### TASK ITEM
Using the records below, write out again exactly the lines that begin at the line containing "Xset S m (2 * u)." and end at the line containing "have Xau : Xset S m (a + u).", and no other lines.

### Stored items
==============================
(* Let $S$ be a numerical semigroup, $D=S^*+S^*$, and $G=G(S)=(V,E)$. Among the vertices in $V\cap D$, every one of maximal length is nonloopy, i.e. if $u\in V\cap D$ has $\mathrm{len}(u)\ge \mathrm{len}(u')$ for all $u'\in V\cap D$, then $2u\notin X$.
   Context: A numerical semigroup is a subset $S\subseteq\mathbb N$ containing $0$, closed under addition, with finite complement; $S^*=S\setminus\{0\}$, $m=\min S^*$, $X=\{s\in S^*: s-m\notin S\}$. The graph $G(S)$ has edge set all subsets $\{x,y\}\subseteq X$ ($x=y$ allowed) with $x+y\in X$, and vertex set $V$ the endvertices of these edges; a vertex $x$ is loopy if $\{x,x\}$ is an edge, i.e. $2x\in X$. For $z\in S^*$, $\mathrm{len}(z)$ is the largest integer $t\ge1$ such that $z=x_1+\dots+x_t$ with all $x_i\in S^*$. *)

From mathcomp Require Import all_boot.
Set Implicit Arguments. Unset Strict Implicit. Unset Printing Implicit Defensive.

Definition numerical_semigroup (S : nat -> Prop) : Prop :=
  [/\ S 0, (forall x y, S x -> S y -> S (x + y)) &
      exists N, forall n, N <= n -> S n].

Definition Sstar (S : nat -> Prop) (x : nat) : Prop := S x /\ 0 < x.

Definition is_multiplicity (S : nat -> Prop) (m : nat) : Prop :=
  Sstar S m /\ forall s, Sstar S s -> m <= s.

(* X = { s in S^* : s - m not in S } (integer subtraction: if s < m then s-m ∉ S) *)
Definition Xset (S : nat -> Prop) (m : nat) (s : nat) : Prop :=
  Sstar S s /\ ~ (m <= s /\ S (s - m)).

(* Vertex set of G(S): endpoints of edges {x,y} ⊆ X with x + y ∈ X (x = y allowed). *)
Definition Vset (S : nat -> Prop) (m : nat) (x : nat) : Prop :=
  Xset S m x /\ exists y, Xset S m y /\ Xset S m (x + y).

Definition Dset (S : nat -> Prop) (z : nat) : Prop :=
  exists a b, Sstar S a /\ Sstar S b /\ z = a + b.

Definition decomposable (S : nat -> Prop) (z t : nat) : Prop :=
  exists s : seq nat, size s = t /\ (forall x, x \in s -> Sstar S x) /\ sumn s = z.

Definition is_len (S : nat -> Prop) (z t : nat) : Prop :=
  1 <= t /\ decomposable S z t /\ forall t', 1 <= t' -> decomposable S z t' -> t' <= t.

From Stdlib Require Import Classical.
From mathcomp Require Import all_boot zify.

Set Implicit Arguments.
Unset Strict Implicit.
Unset Printing Implicit Defensive.

(* X is closed under taking summands from S: if x - m were in S, then so would
   be (x + y) - m = (x - m) + y.  Hence, if 2u is in X for u = a + b with
   a, b in S^*, the splitting 2u = (a + u) + b shows that a + u and b lie in X
   and that {a + u, b} is an edge.  So a + u is a vertex in D, and prepending a
   to a longest decomposition of u shows len (a + u) > len u, contradicting the
   maximality of u. *)

Lemma bounded_has_max (P : nat -> Prop) (B t0 : nat) :
  (forall t, P t -> t <= B) -> P t0 ->
  exists t, P t /\ forall t', P t' -> t' <= t.
Proof.
move=> PB Pt0; have [n Bt0] : exists n, B - t0 <= n by exists (B - t0).
elim: n t0 Pt0 Bt0 => [|n IH] t0 Pt0 Bt0.
  by exists t0; split=> // t' /PB; lia.
have [[t' [Pt' lt_t0t']]|no_larger] := classic (exists t', P t' /\ t0 < t').
  by apply: (IH t') => //; have := PB _ Pt'; lia.
exists t0; split=> // t' Pt'; rewrite leqNgt; apply/negP => lt_t0t'.
by apply: no_larger; exists t'.
Qed.

Section Decompositions.

Variable S : nat -> Prop.

Lemma size_le_sumn_Sstar (s : seq nat) :
  (forall x, x \in s -> Sstar S x) -> size s <= sumn s.
Proof.
elim: s => [|x s IH] //= Ss.
have [_ x_gt0] := Ss x (mem_head _ _).
have : size s <= sumn s by apply: IH => y ys; apply: Ss; rewrite inE ys orbT.
lia.
Qed.

Lemma decomposable_le (z t : nat) : decomposable S z t -> t <= z.
Proof. by move=> [s [<- [Ss <-]]]; exact: size_le_sumn_Sstar. Qed.

Lemma decomposable_cons (a z t : nat) :
  Sstar S a -> decomposable S z t -> decomposable S (a + z) t.+1.
Proof.
move=> Sa [s [size_s [Ss sum_s]]]; exists (a :: s); split; first by rewrite /= size_s.
split; last by rewrite /= sum_s.
by move=> x; rewrite inE => /predU1P [->|/Ss].
Qed.

Lemma is_len_exists (z : nat) : Sstar S z -> exists t, is_len S z t.
Proof.
move=> Sz.
have dec1 : decomposable S z 1.
  exists [:: z]; split=> //; split; last by rewrite /= addn0.
  by move=> x; rewrite inE => /eqP ->.
have [|t [[t_gt0 dec_t] t_max]] :=
  @bounded_has_max (fun t => 1 <= t /\ decomposable S z t) z 1 _ (conj isT dec1).
  by move=> t [_ /decomposable_le].
by exists t; split=> //; split=> // t' t'_gt0 dec_t'; exact: t_max.
Qed.

Lemma is_len_addl_lt (a z t t' : nat) :
  Sstar S a -> is_len S z t -> is_len S (a + z) t' -> t < t'.
Proof.
move=> Sa [_ [dec_z _]] [_ [_ max_t']].
exact: (max_t' t.+1 isT (decomposable_cons Sa dec_z)).
Qed.

End Decompositions.

Section AperySet.

Variables (S : nat -> Prop) (m : nat).
Hypothesis S_add : forall x y, S x -> S y -> S (x + y).

Lemma Xset_addl (x y : nat) : Sstar S x -> S y -> Xset S m (x + y) -> Xset S m x.
Proof.
move=> Sx Sy [_ notX]; split=> // -[le_mx Sxm]; apply: notX; split; first lia.
by rewrite addnC -addnBA // addnC; exact: S_add.
Qed.

Lemma Xset_addr (x y : nat) : S x -> Sstar S y -> Xset S m (x + y) -> Xset S m y.
Proof. by move=> Sx Sy; rewrite addnC; exact: Xset_addl. Qed.

End AperySet.

Theorem proposition4p10 (S : nat -> Prop) (m u : nat) :
  numerical_semigroup S ->
  is_multiplicity S m ->
  Vset S m u -> Dset S u ->
  (forall u' t t', Vset S m u' -> Dset S u' ->
     is_len S u t -> is_len S u' t' -> t' <= t) ->
  ~ Xset S m (2 * u).
Proof.
move=> [_ S_add _] _ [[[Su u_gt0] _] _] [a [b [Sa [Sb def_u]]]] u_max X2u.
have split2u : 2 * u = (a + u) + b by lia.
have Sau : Sstar S (a + u) by case: Sa => Sa a_gt0; split; [exact: S_add | lia].
have Xau : Xset S m (a + u).
  by apply: (Xset_addl S_add Sau (proj1 Sb)); rewrite -split2u.
have Xb : Xset S m b.
  by apply: (Xset_addr S_add (proj1 Sau) Sb); rewrite -split2u.
have Vau : Vset S m (a + u) by split=> //; exists b; rewrite -split2u.
have Dau : Dset S (a + u) by exists a, u.
have [t len_u] := is_len_exists (conj Su u_gt0 : Sstar S u).
have [t' len_au] := is_len_exists Sau.
have := u_max _ _ _ Vau Dau len_u len_au.
by rewrite leqNgt (is_len_addl_lt Sa len_u len_au).
Qed.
==============================
### PROBLEM SOLUTION
  ~ Xset S m (2 * u).
Proof.
move=> [_ S_add _] _ [[[Su u_gt0] _] _] [a [b [Sa [Sb def_u]]]] u_max X2u.
have split2u : 2 * u = (a + u) + b by lia.
have Sau : Sstar S (a + u) by case: Sa => Sa a_gt0; split; [exact: S_add | lia].
have Xau : Xset S m (a + u).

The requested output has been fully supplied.